Since the early Miocene, extensive uplifting of the Qinghai–Tibetan plateau occurred over at least four major periods: 25–17, 15–13, 8–7, and 3.5–1.6 million years ago (Allégre et al. 1984; Spicer et al. 2003; Royden et al. 2008). The Cryptocercus lineages in the Hengduan Mountains began to diversify 20.7–11.7 million years ago, and the most recent diversification between C. arcuatus (SKXS) and C. habaensis (HBXS) occurred ∼5.82–1.58 million years ago (Che et al. 2016), which corresponds well with the major uplifts of the Qinghai–Tibetan plateau. This region is characterised by a series of parallel mountain ranges (Yin and Harrison 2000), but all members of Cryptocercus are wingless and lack the ability to migrate over long distances. The physical isolation caused by these mountain ranges is likely to have contributed to interspecific and intraspecific divergences. The localities of two close geographic species, C. habaensis (Fig. 14E) and C. meridianus (Fig. 14D), are found just 28 km apart, but they are separated by two snow mountains (Haba Snow Mountain, 5396 m; Yulong Snow Mountain, 5596 m) and one gorge (Tiger Leaping Gorge) (Fig. 14A).
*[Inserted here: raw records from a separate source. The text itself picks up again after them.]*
(* Let $G$, $\rho$, $H$, $\{U_i\}_{i\in I}$, $\sigma$, $C$ be as in the context, and let $I_k\subseteq I$ be an orbit of $\sigma$, with a fixed element $0\in I_k$. Suppose we are given a tight compatible encoding scheme for $I_k$ on $C$, i.e. open subsets $\{D^k_i\}_{i\in I_k}$ of $C$ which are pairwise disjoint and cover $C$ up to a set of $\mu_C$-measure zero, such that $h\cdot D^k_i = D^k_{\sigma(i,h^{-1})}$ for all $h\in H$, $i\in I_k$, and set $E^k_i:=D^k_i$ for all $i\in I_k$. For $i\in I_k$ choose $c_i\in H$ with $c_i\cdot E^k_0=E^k_i$. For $x\in C$ lying in $D^k_j$ write $U(x):=U_j$ (defined for $\mu_C$-almost every $x$). For $i\in I_k$ define the channel $$\mathcal T^k_i(\tau):=\frac{1}{\mu_C(E^k_i)}\int_{G\times C} dg\,dx\;\mathbb 1_{E^k_i}(x)\,\big[\rho(g)^\dagger U(g\cdot x)\rho(g)\,U_i^\dagger\big](\tau)$$ on density matrices $\tau$ on $V$ (this is the effective channel, in Alice's frame, of the tight teleportation procedure when Alice obtains measurement result $i$ and sends a uniformly random reading $x\in E^k_i$, Bob receives $g\cdot x$ and applies $U(g\cdot x)$, with $g$ Haar-distributed). Then $$\mathcal T^k_i=\frac{|I_k|}{\mu_C(E^k_0)}\,[\rho(c_i)]\circ\left(\int_G dg\;p(g)\,\big[\rho(g)^\dagger U_0\rho(g)U_0^\dagger\big]\right)\circ[\rho(c_i)^\dagger],$$ where $p(g):=\int_{C}dx\,\mathbb 1_{E^k_0}(x)\,\mathbb 1_{D^k_0}(g\cdot x)=\mu_C\big(E^k_0\cap g^{-1}\cdot D^k_0\big)$.
   Context: $G$ is a compact Lie group with normalised Haar measure $dg$, and $\rho:G\to U(V)$ is a unitary representation on a Hilbert space $V\cong\mathbb C^d$. For an operator $M$ on $V$, $[M]$ denotes the map $\tau\mapsto M\tau M^\dagger$, and $\circ$ is composition of maps. A unitary error basis (UEB) is a family $\{U_i\}_{i\in I}$, $|I|=d^2$, of unitaries on $V$ with $\frac1d\mathrm{Tr}(U_i^\dagger U_j)=\delta_{ij}$. $H\subseteq G$ is a finite subgroup and $\{U_i\}_{i\in I}$ is $H$-equivariant: there is a right action $\sigma:I\times H\to I$ and phases $\alpha(i,h)\in U(1)$ with $\rho(h)^\dagger U_i\rho(h)=\alpha(i,h)U_{\sigma(i,h)}$ for all $h\in H$, $i\in I$. $C$ is a smooth manifold with a normalised measure $\mu_C$ (written $dx$) carrying a smooth, measure-preserving left action $G\times C\to C$, $(g,x)\mapsto g\cdot x$. $\mathbb 1_S$ denotes the indicator function of a set $S$. *)

From HB Require Import structures.
From mathcomp Require Import all_boot all_order all_algebra.
From mathcomp Require Import all_classical all_reals.
From mathcomp Require Import ereal measure numfun lebesgue_measure lebesgue_integral probability.
From mathcomp Require Import complex.

Set Implicit Arguments.
Unset Strict Implicit.
Unset Printing Implicit Defensive.

Import Order.TTheory GRing.Theory Num.Theory.
Local Open Scope classical_set_scope.
Local Open Scope ring_scope.

Definition cintegral d (T : measurableType d) (R : realType)
  (mu : {measure set T -> \bar R}) (f : T -> R[i]) : R[i] :=
  Complex (Rintegral mu setT (fun t => complex.Re (f t)))
          (Rintegral mu setT (fun t => complex.Im (f t))).

Definition mxintegral d (T : measurableType d) (R : realType)
  (mu : {measure set T -> \bar R}) m n (F : T -> 'M[R[i]]_(m, n)) :
  'M[R[i]]_(m, n) :=
  \matrix_(a < m, b < n) cintegral mu (fun t => F t a b).

Definition mxadj (R : rcfType) m n (M : 'M[R[i]]_(m, n)) : 'M[R[i]]_(n, m) :=
  (map_mx (@conjc R) M)^T.

(* The superoperator [M] : tau |-> M tau M^dagger. *)
Definition conjmap (R : rcfType) n (M : 'M[R[i]]_n) (tau : 'M[R[i]]_n) :
  'M[R[i]]_n := M *m tau *m mxadj M.

Definition complex_of_real (R : rcfType) (r : R) : R[i] := Complex r 0.

(* U(x) := U_j for x in D_j (j in I_k).  Since the D_j are pairwise disjoint
   this is the sum of 1_{D_j}(x) U_j; it is 0 off the union of the D_j,
   a mu_C-null set, where the paper leaves U(x) undefined. *)
Definition Ureading (R : realType) (C : Type) (I : finType) (n : nat) (Ik : {set I})
  (D : I -> set C) (U : I -> 'M[R[i]]_n) (x : C) : 'M[R[i]]_n :=
  \sum_(j in Ik) complex_of_real (\1_(D j) x) *: U j.

(* Since the cells D_j are disjoint, the integrand at (g, x) is the sum over j of
   1[x in D_i, g.x in D_j] [rho(g)^+ U_j rho(g) U_i^+], and Fubini integrates x out,
   leaving mu_C(D_i /\ g^-1 D_j) as the weight of the j-th term.  The substitution
   g := c_j g c_i^-1, harmless for the two-sided invariant Haar measure, turns this
   weight into p(g) (because D_j = c_j D_0 and the action preserves mu_C) and the
   Kraus operator into rho(c_i) (rho(g)^+ U_0 rho(g) U_0^+) rho(c_i)^+ times the unit
   phase alpha_j(c_j) alpha_i(c_i)^*, by equivariance of the error basis and
   sigma(j, c_j) = 0.  Hence all |I_k| terms agree, and mu_C(E_i) = mu_C(E_0). *)

From HB Require Import structures.
From mathcomp Require Import all_boot all_order all_algebra.
From mathcomp Require Import all_classical all_reals.
From mathcomp Require Import ereal measure numfun lebesgue_measure lebesgue_integral probability.
From mathcomp Require Import measurable_realfun complex.

Set Implicit Arguments.
Unset Strict Implicit.
Unset Printing Implicit Defensive.

Import Order.TTheory GRing.Theory Num.Theory.
Local Open Scope classical_set_scope.
Local Open Scope ring_scope.

Local Notation Re := complex.Re.
Local Notation Im := complex.Im.

(* Bounded measurable functions: integrable for every finite measure and closed
   under products, which is all the integrands below need. *)
Definition bmfun {d} {T : measurableType d} {R : realType} (f : T -> R) :=
  measurable_fun setT f /\ exists M, forall x, `|f x| <= M.

Definition cbmfun {d} {T : measurableType d} {R : realType} (f : T -> R[i]) :=
  bmfun (fun x => Re (f x)) /\ bmfun (fun x => Im (f x)).

Definition mxbmfun {d} {T : measurableType d} {R : realType} m n
    (F : T -> 'M[R[i]]_(m, n)) :=
  forall a b, cbmfun (fun t => F t a b).

Section BoundedMeasurable.
Context {d : measure_display} {T : measurableType d} {R : realType}.
Implicit Types f g : T -> R.

Lemma bmfun_eq {f g} : bmfun f -> f =1 g -> bmfun g.
Proof. by move=> + /funext <-. Qed.

Lemma bmfun_cst (r : R) : bmfun (fun _ : T => r).
Proof. by split; [exact: measurable_cst | exists `|r|]. Qed.

Lemma bmfunD f g : bmfun f -> bmfun g -> bmfun (fun x => f x + g x).
Proof.
move=> [mf [M hM]] [mg [N hN]]; split; first exact: measurable_funD.
by exists (M + N) => x; rewrite (le_trans (ler_normD _ _)) ?lerD.
Qed.

Lemma bmfunN f : bmfun f -> bmfun (fun x => - f x).
Proof.
move=> [mf [M hM]]; split; first exact: measurableT_comp.
by exists M => x; rewrite normrN.
Qed.

Lemma bmfunM f g : bmfun f -> bmfun g -> bmfun (fun x => f x * g x).
Proof.
move=> [mf [M hM]] [mg [N hN]]; split; first exact: measurable_funM.
by exists (M * N) => x; rewrite normrM ler_pM.
Qed.

Lemma bmfun_comp {d'} {T' : measurableType d'} (phi : T' -> T) f :
  measurable_fun setT phi -> bmfun f -> bmfun (f \o phi).
Proof.
move=> mphi [mf [M hM]]; split; first exact: measurableT_comp.
by exists M => x; apply: hM.
Qed.

Lemma bmfun_indic (A : set T) : measurable A -> bmfun (\1_A : T -> R).
Proof.
move=> mA; split; first exact: measurable_indic.
by exists 1 => x; rewrite /indic; case: (x \in A); rewrite ?normr1 ?normr0.
Qed.

Lemma bmfun_integrable (mu : {measure set T -> \bar R}) f :
  (mu setT < +oo)%E -> bmfun f -> mu.-integrable setT (EFin \o f).
Proof.
move=> mu_fin [mf [M hM]]; apply: measurable_bounded_integrable => //.
exists M; split; first by rewrite num_real.
by move=> y hy x _; apply: le_trans (hM x) (ltW hy).
Qed.

End BoundedMeasurable.

Section ComplexBoundedMeasurable.
Context {d : measure_display} {T : measurableType d} {R : realType}.
Implicit Types f g : T -> R[i].

Lemma cbmfun_eq {f g} : cbmfun f -> f =1 g -> cbmfun g.
Proof. by move=> + /funext <-. Qed.

Lemma cbmfun_cst (z : R[i]) : cbmfun (fun _ : T => z).
Proof. by split; apply: bmfun_cst. Qed.

Lemma cbmfun_real (r : T -> R) : bmfun r -> cbmfun (fun x => complex_of_real (r x)).
Proof. by move=> hr; split => //; apply: bmfun_cst. Qed.

Lemma cbmfunD f g : cbmfun f -> cbmfun g -> cbmfun (fun x => f x + g x).
Proof.
move=> [f1 f2] [g1 g2]; split.
- by apply: bmfun_eq (bmfunD f1 g1) _ => x; case: (f x); case: (g x).
- by apply: bmfun_eq (bmfunD f2 g2) _ => x; case: (f x); case: (g x).
Qed.

Lemma cbmfunM f g : cbmfun f -> cbmfun g -> cbmfun (fun x => f x * g x).
Proof.
move=> [f1 f2] [g1 g2]; split.
- apply: bmfun_eq (bmfunD (bmfunM f1 g1) (bmfunN (bmfunM f2 g2))) _ => x.
  by case: (f x); case: (g x).
- apply: bmfun_eq (bmfunD (bmfunM f1 g2) (bmfunM f2 g1)) _ => x.
  by case: (f x); case: (g x).
Qed.

Lemma cbmfunZ (k : R[i]) f : cbmfun f -> cbmfun (fun x => k * f x).
Proof. exact: cbmfunM (cbmfun_cst k). Qed.

Lemma cbmfun_conj f : cbmfun f -> cbmfun (fun x => (f x)^*).
Proof.
move=> [f1 f2]; split; first by apply: bmfun_eq f1 _ => x; case: (f x).
by apply: bmfun_eq (bmfunN f2) _ => x; case: (f x).
Qed.

Lemma cbmfun_comp {d'} {T' : measurableType d'} (phi : T' -> T) f :
  measurable_fun setT phi -> cbmfun f -> cbmfun (f \o phi).
Proof.
by move=> mphi [f1 f2]; split; [exact: bmfun_comp mphi f1 | exact: bmfun_comp mphi f2].
Qed.

Lemma cbmfun_sum (J : Type) (s : seq J) (P : pred J) (F : J -> T -> R[i]) :
  (forall j, P j -> cbmfun (F j)) -> cbmfun (fun x => \sum_(j <- s | P j) F j x).
Proof.
move=> hF; elim: s => [|a s IH].
  by apply: cbmfun_eq (cbmfun_cst 0) _ => x; rewrite big_nil.
rewrite /= in IH *; case hP: (P a).
  by apply: cbmfun_eq (cbmfunD (hF a hP) IH) _ => x; rewrite big_cons hP.
by apply: cbmfun_eq IH _ => x; rewrite big_cons hP.
Qed.

Variables (mu : {measure set T -> \bar R}) (mu_fin : (mu setT < +oo)%E).

Lemma cintegralD f g : cbmfun f -> cbmfun g ->
  cintegral mu (fun x => f x + g x) = cintegral mu f + cintegral mu g.
Proof.
move=> [f1 f2] [g1 g2]; rewrite /cintegral.
rewrite (_ : (fun t => Re (f t + g t)) = (fun t => Re (f t) + Re (g t))); last first.
  by apply: funext => x; case: (f x); case: (g x).
rewrite (_ : (fun t => Im (f t + g t)) = (fun t => Im (f t) + Im (g t))); last first.
  by apply: funext => x; case: (f x); case: (g x).
by rewrite !RintegralD //; apply: bmfun_integrable.
Qed.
Tiger Leaping Gorge passes between the two Snow Mountains in a dramatic vertical drop of 3500 m, through which a rapid stream flows and xeric shrubland exists on both banks along the Jinsha River (Qikun Bai, pers. obs.). These natural barriers prevent gene flow among Cryptocercus species. Significant genetic differences (9.50% in COI) can be detected between these two species. Similarly, there is no vegetation on the peaks of ridges at altitudes of 4000–5000 m (Wang et al. 2004), which would prevent migration by Cryptocercus from one peak to another (Fig. 14B, 1C).

Fig. 14. 

Collection sites for Cryptocercus at Mt Habaxueshan and Mt Yulongxueshan: (A) the whole topographical map of Mt Habaxueshan and Mt Yulongxueshan, map data: Google, Copernicus; (B) photograph of Mt Yulongxueshan; (C) photograph of Mt Habaxueshan; (D) habitat of C. meridianus; (E) habitat of C. habaensis. All photographs by Qikun Bai.
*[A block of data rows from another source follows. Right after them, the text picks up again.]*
Lemma mulrBD_add_mulrDB {R : pzRingType} (a b c e : R) :
  (a - b) * (c + e) + (a + b) * (c - e) = (a * c - b * e) *+ 2.
Proof.
have cancel_yz (x y z w : R) : x + y - (z + w) + (x + z - (y + w)) = (x - w) *+ 2.
  rewrite !opprD !addrA mulr2n addrAC (addrAC _ (- z)) (addrAC _ (- z)) subrK.
  by rewrite (addrAC _ (- w) (- y)) (addrAC _ x (- y)) (addrAC _ (- w) (- y)) addrK addrA.
by rewrite !(mulrDl, mulrDr, mulrBl, mulrBr) cancel_yz.
Qed.

Lemma enum_set2_ltn {n} (i j : 'I_n) : (i < j)%N -> enum [set i; j] = [:: i; j].
Proof.
move=> ij; have ltn_ord_trans : transitive (fun x y : 'I_n => (x < y)%N).
  by move=> y x z; apply: ltn_trans.
apply: (irr_sorted_eq ltn_ord_trans) => [x||/=|x]; first by rewrite ltnn.
- rewrite /enum_mem -enumT; apply: sorted_filter => //.
  by move: (iota_ltn_sorted 0 n); rewrite -val_enum_ord sorted_map enumT.
- by rewrite ij.
- by rewrite mem_enum !inE.
Qed.

Lemma sum_card2 {V : nmodType} {n} (F : {set 'I_n} -> V) :
  \sum_(I : {set 'I_n} | #|I| == 2%N) F I = \sum_(i < n) \sum_(j < n | (i < j)%N) F [set i; j].
Proof.
case: n F => [|n] F.
  rewrite big_ord0 big_pred0 // => I.
  by have := max_card I; rewrite card_ord leqn0 => /eqP ->.
pose first_two (I : {set 'I_n.+1}) := (nth ord0 (enum I) 0, nth ord0 (enum I) 1).
rewrite (reindex_onto (fun p => [set p.1; p.2]) first_two) /=; last first.
  move=> I /eqP cardI; have : size (enum I) = 2 by rewrite -cardE.
  rewrite /first_two; case e: (enum I) => [|x [|y []]] //= _.
  by apply/setP => z; rewrite !inE -mem_enum e !inE.
rewrite pair_big_dep /=; apply: eq_bigl => -[a b] /=.
rewrite cards2 /first_two; case: (ltngtP a b) => [ab|ba|/val_inj ->]; last by rewrite eqxx.
- have ne : a != b by rewrite -val_eqE neq_ltn ab.
  by rewrite ne enum_set2_ltn //= eqxx.
- have ne : a != b by rewrite -val_eqE neq_ltn ba orbT.
  by rewrite ne setUC enum_set2_ltn //= xpair_eqE eq_sym (negbTE ne) andbF.
Qed.
(* Let $T$ be a tree with at least $3$ vertices. Then the function $v\mapsto f_{T,v}(v)$ is not constant on $V(T)$.
   Context: For a tree $T$ rooted at $v$, the values $f_{T,v}(w)$, $w\in V(T)$, are defined recursively: if $w$ has no children (no descendants) in the rooted tree, $f_{T,v}(w)=0$; otherwise let $u_0,\dots,u_k$ be the children of $w$, let $T_i$ be the subtree consisting of $u_i$ and all its descendants, rooted at $u_i$, and order them so that $c_i:=f_{T_i,u_i}(u_i)$ satisfy $c_0\ge c_1\ge\cdots\ge c_k$; then $f_{T,v}(w)=\max_{0\le i\le k}(i+c_i)$. *)

From mathcomp Require Import all_boot.
Unset Printing Implicit Defensive.

Definition simple_graph {V : finType} (e : rel V) : Prop :=
  symmetric e /\ irreflexive e.

Definition connected_graph {V : finType} (e : rel V) : Prop :=
  forall x y : V, connect e x y.

Definition acyclic_graph {V : finType} (e : rel V) : Prop :=
  forall p : seq V, uniq p -> 3 <= size p -> ~~ cycle e p.

Definition is_tree {V : finType} (e : rel V) : Prop :=
  [/\ simple_graph e, connected_graph e & acyclic_graph e].

(* fval e n p w : the value f_{T,v}(w) of the paper, where w is reached from
   its parent p (p = None when w is the root v), computed with fuel n. *)
Fixpoint fval {V : finType} (e : rel V) (n : nat) (p : option V) (w : V) : nat :=
  match n with
  | 0 => 0
  | n'.+1 =>
      let cs := sort geq [seq fval e n' (Some w) u
                          | u <- enum V & e w u && (Some u != p)] in
      \max_(i < size cs) (i + nth 0 cs i)
  end.

(* f_{T,v}(v): the root value of T rooted at v.  Fuel #|V| exceeds the
   depth of any rooted tree on V, so it is the exact value. *)
Definition rootval {V : finType} (e : rel V) (v : V) : nat :=
  fval e #|V| None v.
Compared with the lineages from the Hengduan Mountains (2124–3756 m, average 2986 m), the lineages from the Qin-Daba Mountains (1470–2600 m, average 1814 m) and Manchuria (702–1199 m, average 935 m) occur at lower elevations. Relatively poor Cryptocercus diversity has been found in these two regions (Qin-Daba Mountains lineages: 7 species; Manchuria lineages: 2 species). Manchuria is a large north-eastern Asian geographic region of ∼130 × 10⁶ km² which mostly consists of vast plains (Elliott 2000). C. relictus has been collected by us at Gaolingzi, Shuangfenglinchang, and Mudanfeng as well as from Russia (Bey-Bienko 1935) and South Korea (Park et al. 2004). This speices therefore appears to be widely distributed in north-eastern Asia. The relatively simple geography of this region compared with the Hengduan Mountains is likely the primary cause of the low diversity in this area, because there are no major barriers to hinder the gene flow among different populations. Changbai Mountain, the highest in the Manchuria region, is an active volcano situated on the boundary between China and North Korea, and was formed within a short period between 2.77 and 0.31 million years ago (Wan 2012; Wei et al. 2007). It is therefore unlikely to have influenced the evolution of Cryptocercus in the way that the Hengduan Mountains have.